Cardiac REDD1 alters glucose and fatty acid metabolic gene expression via an mTORC1-independent, PPAR alpha-dependent mechanism and drives hypertrophic growth

This study demonstrates that cardiac REDD1 promotes glucose oxidation and hypertrophic growth by suppressing PPARα activity and its downstream targets (such as PDK4) through an mTORC1-independent mechanism.

The Gist

The Heart's Fuel Switch: Meet REDD1

Imagine your heart is a high-performance hybrid car. It has two main fuel tanks: one for Fatty Acids (like diesel) and one for Glucose (like gasoline). Under normal, calm driving conditions, the heart prefers the "diesel" (fatty acids) because it's efficient for long, steady cruising.

However, when the car hits a steep hill or needs to speed up (like during exercise or heart stress), it needs to switch to "gasoline" (glucose) for a quick, powerful burst of energy.

This paper discovers a new "mechanic" in the heart called REDD1. Its job is to manage the fuel switch.

The Big Discovery: REDD1 is the "Glucose Manager"

For a long time, scientists knew REDD1 was important, but they mostly thought of it as a "brake" on a different system called mTORC1 (which controls cell growth). This paper reveals a brand-new, super important job for REDD1: It tells the heart to stop burning fat and start burning sugar.

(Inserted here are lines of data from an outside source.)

(* Let $n \ge 1$ be an integer and let $R$ be a $2n$-adically closed ring. Then there are no polygons in $R$.
   Context: All rings are commutative with $1$. For $k \in \mathbb{N}=\{1,2,\dots\}$, a ring $R$ is called $k$-adically closed if every monic polynomial of degree $k$ with coefficients in $R$ has a root in $R$ (a $2$-adically closed ring is also called quadratically closed). A polygon in a ring $R$ consists of: an integer $m>2$, irreducible closed subsets $C_0,\dots,C_{m-1}$ of $\mathrm{Spec}(R)$, and irreducible closed subsets $D_0,\dots,D_{m-1}$ of $\mathrm{Spec}(R)$, such that for all $i,j\in\{0,\dots,m-1\}$ we have $D_j\subset C_i$ if and only if $i=j$ or $i\equiv j+1 \pmod m$. (Irreducible closed subsets are nonempty.) *)

From HB Require Import structures.
From mathcomp Require Import all_boot all_order all_algebra.
Set Implicit Arguments. Unset Strict Implicit. Unset Printing Implicit Defensive.
Import GRing.Theory.
Local Open Scope ring_scope.

Definition adically_closed (R : comNzRingType) (k : nat) : Prop :=
  forall p : {poly R}, p \is monic -> size p = k.+1 -> exists x : R, root p x.

Definition is_ideal (R : comNzRingType) (I : R -> Prop) : Prop :=
  [/\ I 0, (forall x y, I x -> I y -> I (x + y)) & (forall a x, I x -> I (a * x))].

Definition is_prime_ideal (R : comNzRingType) (P : R -> Prop) : Prop :=
  [/\ is_ideal P, ~ P 1 & (forall a b, P (a * b) -> P a \/ P b)].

Here is how the story unfolds, step-by-step:

1. The Fuel Dilemma (The Randle Cycle)

Think of the heart's metabolism like a busy kitchen. You can't cook a steak (fat) and a salad (sugar) on the same burner at the same time without a fight.

• PPARα is the "Fat Chef." When he is active, he orders the kitchen to burn fat and shuts down the sugar station.
• PDK4 is the "Sugar Lock." When PDK4 is active, it locks the door on the sugar burner, preventing glucose from being used.

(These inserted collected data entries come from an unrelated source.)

(* For every $N\in\mathbb N$, every $j_0\in\mathbb Z^d$ and every $(\varepsilon,\lambda)\in[0,\varepsilon_0]\times\Lambda$, setting $\mathtt M:=|B^0_{2,N}(j_0;\varepsilon,\lambda)|$, one has $B^0_N(j_0;\varepsilon,\lambda)\subset\bigcup_{q=1}^{2\mathtt MN^\tau}I_q$ where the $I_q$ are intervals with $|I_q|\leq N^{-\tau}$.
   Context: Setting. $d,\nu\geq1$; $|l|,|j|$ max norms, $\|j\|^2=\sum j_i^2$. $\bar\omega\in\mathbb R^\nu$, $|\bar\omega|\leq1$; $\Lambda=[1/2,3/2]$; $\tau>0$ a parameter; $\varepsilon_0>0$. $V\in C^r(\mathbb T^d;\mathbb R)$, $m$ its average, $V_0=V-m$. $f\in C^r(\mathbb T^\nu\times\mathbb T^d\times\mathbb R;\mathbb R)$, $(\varepsilon,\lambda)\mapsto u^+(\varepsilon,\lambda)\in H^s(\mathbb T^{\nu}\times\mathbb T^d;\mathbb C)$ ($s>(d+\nu)/2$), $p=f(\cdot,|u^+|^2)+f'(\cdot,|u^+|^2)|u^+|^2$, $q=f'(\cdot,|u^+|^2)(u^+)^2$ ($f'$ = derivative in the last variable). $T_1$ is the matrix of multiplication by $\begin{pmatrix}p&q\\\bar q&p\end{pmatrix}$ in the Fourier basis $e_{(l,j),a}$ ($a\in\{0,1\}$ labels the component). With $\omega=\lambda\bar\omega$, $A(\varepsilon,\lambda,\theta)=D+T_2-\varepsilon T_1+\theta Y$ (indexed by $(l,j,a)$), where $D$ is diagonal with entries $-\omega\cdot l+\|j\|^2+m$ ($a=0$), $\omega\cdot l+\|j\|^2+m$ ($a=1$), $Y$ diagonal with entries $-1$ ($a=0$), $+1$ ($a=1$), and $T_2$ the matrix of multiplication by $V_0$ in each component. $A_{N,j_0}(\varepsilon,\lambda,\theta)$ is the (self-adjoint) restriction of $A$ to indices with $|l|\leq N$, $|j-j_0|\leq N$; $\|\cdot\|_0$ is the $L^2$ operator norm ($=+\infty$ for the inverse of a non-invertible matrix). $B^0_N(j_0;\varepsilon,\lambda):=\{\theta\in\mathbb R:\|A_{N,j_0}^{-1}(\varepsilon,\lambda,\theta)\|_0>N^\tau\}$ and $B^0_{2,N}(j_0;\varepsilon,\lambda):=\{\theta\in\mathbb R:\|A_{N,j_0}^{-1}(\varepsilon,\lambda,\theta)\|_0>N^\tau/2\}$; $|\cdot|$ denotes Lebesgue measure. *)

From mathcomp Require Import all_boot all_order all_algebra.
From mathcomp Require Import all_classical all_reals all_analysis.
From mathcomp Require Export complex.
Set Implicit Arguments. Unset Strict Implicit. Unset Printing Implicit Defensive.
Import Order.TTheory GRing.Theory Num.Theory.
Local Open Scope ring_scope.

Section Defs.
Variable R : realType.
Local Notation C := R[i].

Definition vnorm n (x : 'cV[C]_n) : R :=
  Num.sqrt (\sum_i ((complex.Re (x i 0)) ^+ 2 + (complex.Im (x i 0)) ^+ 2)).

Definition opnorm n (B : 'M[C]_n) : \bar R :=
  ereal_sup [set (vnorm (B *m x))%:E | x in [set x : 'cV[C]_n | vnorm x = 1]].

Definition invnorm n (A : 'M[C]_n) : \bar R :=
  if A \in unitmx then opnorm (invmx A) else +oo%E.

(** Finite index set { (l, j, a) : |l| <= N, |j - j0| <= N, a in {0,1} },
    encoded by ordinals: coordinate x : 'I_(2N+1) stands for x - N. The
    boolean a stands for the component label (false = 0, true = 1). *)
Definition Idx (nu d N : nat) : finType :=
  ({ffun 'I_nu -> 'I_(N.*2.+1)} * {ffun 'I_d -> 'I_(N.*2.+1)} * bool)%type.

Definition shift_vec k N (x : {ffun 'I_k -> 'I_(N.*2.+1)}) : 'rV[int]_k :=
  \row_i ((x i : nat)%:Z - N%:Z).

Definition idx_l nu d N (k : Idx nu d N) : 'rV[int]_nu := shift_vec k.1.1.
Definition idx_j nu d N (j0 : 'rV[int]_d) (k : Idx nu d N) : 'rV[int]_d :=
  j0 + shift_vec k.1.2.
Definition idx_a nu d N (k : Idx nu d N) : bool := k.2.

Definition dotl nu (om : 'rV[R]_nu) (l : 'rV[int]_nu) : R :=
  \sum_i om 0 i * (l 0 i)%:~R.
Definition sqnorm d (j : 'rV[int]_d) : R := (\sum_i (j 0 i) ^+ 2)%:~R.

(** Entry ((l,j,a),(l',j',a')) of
      A(eps,lambda,theta) = D + T_2 - eps T_1 + theta Y
    where
    - D diagonal: -omega.l + ||j||^2 + m (a = 0), omega.l + ||j||^2 + m (a = 1),
      omega = lambda * omegabar;
    - Y diagonal: -1 (a = 0), +1 (a = 1);
    - T_2 = multiplication by V_0 in each component:
        delta_{a a'} delta_{l l'} V0hat (j - j');
    - T_1 = multiplication by [[p, q], [conj q, p]]:
        a=a'     : phat (l - l', j - j'),
        (0,1)    : qhat (l - l', j - j'),
        (1,0)    : (conj q)hat (l - l', j - j') = conj (qhat (l' - l, j' - j)).
    V0hat : Fourier coefficients of V_0 = V - m on T^d;
    phat, qhat eps lambda : Fourier coefficients of p, q on T^nu x T^d
    (which depend on (eps, lambda) through u^+(eps, lambda)). *)
Definition A_entry nu d (m : R) (omegabar : 'rV[R]_nu)
    (V0hat : 'rV[int]_d -> C)
    (phat qhat : R -> R -> 'rV[int]_nu -> 'rV[int]_d -> C)
    (eps lam theta : R) (N : nat) (j0 : 'rV[int]_d) (k k' : Idx nu d N) : C :=
  let l := idx_l k in let l' := idx_l k' in
  let j := idx_j j0 k in let j' := idx_j j0 k' in
  let a := idx_a k in let a' := idx_a k' in
  let om := lam *: omegabar in
  let Dk : R := (if a then dotl om l else - dotl om l) + sqnorm j + m in
  let Yk : R := if a then 1 else -1 in
  let diag : C := if k == k' then ((Dk + theta * Yk)%:C)%C else 0 in
  let T2 : C := if (a == a') && (l == l') then V0hat (j - j') else 0 in
  let T1 : C :=
    match a, a' with
    | false, false | true, true => phat eps lam (l - l') (j - j')
    | false, true => qhat eps lam (l - l') (j - j')
    | true, false => (qhat eps lam (l' - l) (j' - j))^*
    end in
  diag + T2 - (eps%:C)%C * T1.

Definition A_trunc nu d (m : R) (omegabar : 'rV[R]_nu)
    (V0hat : 'rV[int]_d -> C)
    (phat qhat : R -> R -> 'rV[int]_nu -> 'rV[int]_d -> C)
    (eps lam theta : R) (N : nat) (j0 : 'rV[int]_d) : 'M[C]_#|{: Idx nu d N}| :=
  \matrix_(i, i') A_entry m omegabar V0hat phat qhat eps lam theta j0
                   (enum_val i) (enum_val i').

Definition B0 nu d (m : R) (omegabar : 'rV[R]_nu)
    (V0hat : 'rV[int]_d -> C)
    (phat qhat : R -> R -> 'rV[int]_nu -> 'rV[int]_d -> C)
    (tau : R) (N : nat) (j0 : 'rV[int]_d) (eps lam : R) : set R :=
  [set theta | ((N%:R `^ tau)%:E <
     invnorm (A_trunc m omegabar V0hat phat qhat eps lam theta N j0))%E].

Definition B0_2 nu d (m : R) (omegabar : 'rV[R]_nu)
    (V0hat : 'rV[int]_d -> C)
    (phat qhat : R -> R -> 'rV[int]_nu -> 'rV[int]_d -> C)
    (tau : R) (N : nat) (j0 : 'rV[int]_d) (eps lam : R) : set R :=
  [set theta | ((N%:R `^ tau / 2)%:E <
     invnorm (A_trunc m omegabar V0hat phat qhat eps lam theta N j0))%E].

End Defs.

From mathcomp Require Import all_boot all_order all_algebra.
From mathcomp Require Import all_classical all_reals all_analysis.
From mathcomp Require Import complex.
From mathcomp Require Import ring lra.
Import Order.TTheory GRing.Theory Num.Theory.
Local Open Scope ring_scope.

(* The parameter θ enters A(θ) = A_{N,j0}(ε,λ,θ) only through θY, where Y = diag(∓1) is an
   isometry; hence θ ↦ ‖A(θ)x‖ is 1-Lipschitz for every unit vector x.  Since θ ∈ B^0_N iff
   ‖A(θ)x‖ < N^-τ for some unit x, the N^-τ-neighbourhood of B^0_N lies in B^0_{2,N}, and
   B^0_N is bounded.  Cut a window containing B^0_N into half-open cells of length N^-τ: the
   cells meeting B^0_N are disjoint and contained in B^0_{2,N}, so there are at most M N^τ of
   them. *)

Lemma sqr_le_mul_of_quadratic_ge0 (F : realFieldType) (U S V : F) : 0 <= V ->
  (forall t, 0 <= U + 2 * t * S + t ^+ 2 * V) -> S ^+ 2 <= U * V.
Proof.
move=> V_ge0 quad_ge0; have [V0|V_neq0] := eqVneq V 0.
  rewrite V0 mulr0; have [->|S_neq0] := eqVneq S 0; first by rewrite expr0n.
  have := quad_ge0 (- (U + 1) / (2 * S)); rewrite V0 mulr0 addr0.
  have -> : U + 2 * (- (U + 1) / (2 * S)) * S = -1 by field.
  by rewrite lerNr oppr0 ler10.
have V_gt0 : 0 < V by rewrite lt_def V_neq0.
have := quad_ge0 (- S / V).
have -> : U + 2 * (- S / V) * S + (- S / V) ^+ 2 * V = (U * V - S ^+ 2) / V by field.
by rewrite pmulr_lge0 ?invr_gt0 // subr_ge0.
Qed.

2. The New Mechanic: REDD1

The researchers found that when glucose levels rise (or when the heart is stressed), REDD1 shows up.

• What REDD1 does: It grabs the "Fat Chef" (PPARα) and tells him, "Take a break!"
• The Result: When the Fat Chef takes a break, he stops ordering fat-burning recipes. He also stops making the "Sugar Lock" (PDK4).
• The Outcome: The sugar burner unlocks! The heart can now burn glucose efficiently.

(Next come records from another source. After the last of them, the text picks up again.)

Variables (n p : nat) (X : nat -> nat -> R) (y : nat -> R) (lam alpha : R).

Local Notation F := (Fmap n p X y lam alpha).
Local Notation H := (Hmat n p X lam alpha).
Local Notation D := (Dind p lam).
Local Notation G := (Gmat n X alpha).

Lemma Hmat_top_left z i k : (i < p)%nat -> (k < p)%nat -> H z i k = (1 - D z i) * kron i k.
Proof. intros Hi Hk. unfold Hmat. destruct (Nat.ltb_spec i p), (Nat.ltb_spec k p); try lia. ring. Qed.

Lemma Hmat_top_right z i k : (i < p)%nat -> H z i (p + k) = - D z i * kron i k.
Proof.
intros Hi. unfold Hmat. destruct (Nat.ltb_spec i p), (Nat.ltb_spec (p + k) p); try lia.
replace (p + k - p)%nat with k by lia. reflexivity.
Qed.

Lemma Hmat_bottom_left z j k : (k < p)%nat -> H z (p + j) k = G j k.
Proof.
intros Hk. unfold Hmat. destruct (Nat.ltb_spec (p + j) p), (Nat.ltb_spec k p); try lia.
replace (p + j - p)%nat with j by lia. reflexivity.
Qed.

Lemma Hmat_bottom_right z j k : H z (p + j) (p + k) = INR n * kron j k.
Proof.
unfold Hmat. destruct (Nat.ltb_spec (p + j) p), (Nat.ltb_spec (p + k) p); try lia.
replace (p + j - p)%nat with j by lia. replace (p + k - p)%nat with k by lia. reflexivity.
Qed.

Lemma Hmat_mul_top z v i : (i < p)%nat ->
  rsum (2 * p) (fun k => H z i k * v k) = (1 - D z i) * v i - D z i * v (p + i)%nat.
Proof.
intros Hi. rewrite rsum_double; cbv beta.
rewrite (rsum_ext p _ (fun k => kron i k * ((1 - D z i) * v k))).
2:{ intros k Hk. rewrite Hmat_top_left by auto. ring. }
rewrite (rsum_ext p (fun k => H z i (p + k) * v (p + k)%nat)
          (fun k => kron i k * (- D z i * v (p + k)%nat))).
2:{ intros k Hk. rewrite Hmat_top_right by auto. ring. }
rewrite !rsum_kron by auto. ring.
Qed.

Lemma Hmat_mul_bottom z v j : (j < p)%nat ->
  rsum (2 * p) (fun k => H z (p + j) k * v k) =
  rsum p (fun k => G j k * v k) + INR n * v (p + j)%nat.
Proof.
intros Hj. rewrite rsum_double; cbv beta.
rewrite (rsum_ext p (fun k => H z (p + j) k * v k) (fun k => G j k * v k)).
2:{ intros k Hk. now rewrite Hmat_bottom_left. }
rewrite (rsum_ext p (fun k => H z (p + j) (p + k) * v (p + k)%nat)
          (fun k => kron j k * (INR n * v (p + k)%nat))).
2:{ intros k Hk. rewrite Hmat_bottom_right. ring. }
now rewrite rsum_kron.
Qed.

Lemma mul_Hmat_top z u j : (j < p)%nat ->
  rsum (2 * p) (fun i => u i * H z i j) =
  (1 - D z j) * u j + rsum p (fun i => u (p + i)%nat * G i j).
Proof.
intros Hj. rewrite rsum_double; cbv beta.
rewrite (rsum_ext p (fun i => u i * H z i j) (fun i => kron j i * ((1 - D z i) * u i))).
2:{ intros i Hi. rewrite Hmat_top_left, kron_sym by auto. ring. }
rewrite (rsum_ext p (fun i => u (p + i)%nat * H z (p + i)%nat j) (fun i => u (p + i)%nat * G i j)).
2:{ intros i Hi. now rewrite Hmat_bottom_left. }
now rewrite rsum_kron.
Qed.

Lemma mul_Hmat_bottom z u j : (j < p)%nat ->
  rsum (2 * p) (fun i => u i * H z i (p + j)) = - D z j * u j + INR n * u (p + j)%nat.
Proof.
intros Hj. rewrite rsum_double; cbv beta.
rewrite (rsum_ext p (fun i => u i * H z i (p + j)%nat) (fun i => kron j i * (- D z i * u i))).
2:{ intros i Hi. rewrite Hmat_top_right, kron_sym by auto. ring. }
rewrite (rsum_ext p (fun i => u (p + i)%nat * H z (p + i) (p + j))
          (fun i => kron j i * (INR n * u (p + i)%nat))).
2:{ intros i Hi. rewrite Hmat_bottom_right, kron_sym. ring. }
now rewrite !rsum_kron.
Qed.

The Analogy: Imagine REDD1 is a security guard who kicks the "Fat Chef" out of the kitchen. Once the Chef is gone, the "Sugar Lock" is removed, and the kitchen switches to cooking with sugar.

3. The Surprise: It's Not About the "Growth Brake"

Scientists previously thought REDD1 only worked by hitting the "brake" on the mTORC1 system (the engine's growth regulator).

• The Experiment: The researchers used a drug (Everolimus) to artificially hit that "brake" hard.
• The Result: Even with the brake slammed down, the fuel switch didn't happen.
• The Conclusion: REDD1 has a secret, independent superpower. It controls the fuel switch without needing to touch the growth brake. It works on its own track.

4. The Stress Test (Heart Disease)

The researchers then tested what happens when the heart is under pressure (simulated by tightening a band around the aorta, like a traffic jam for blood flow).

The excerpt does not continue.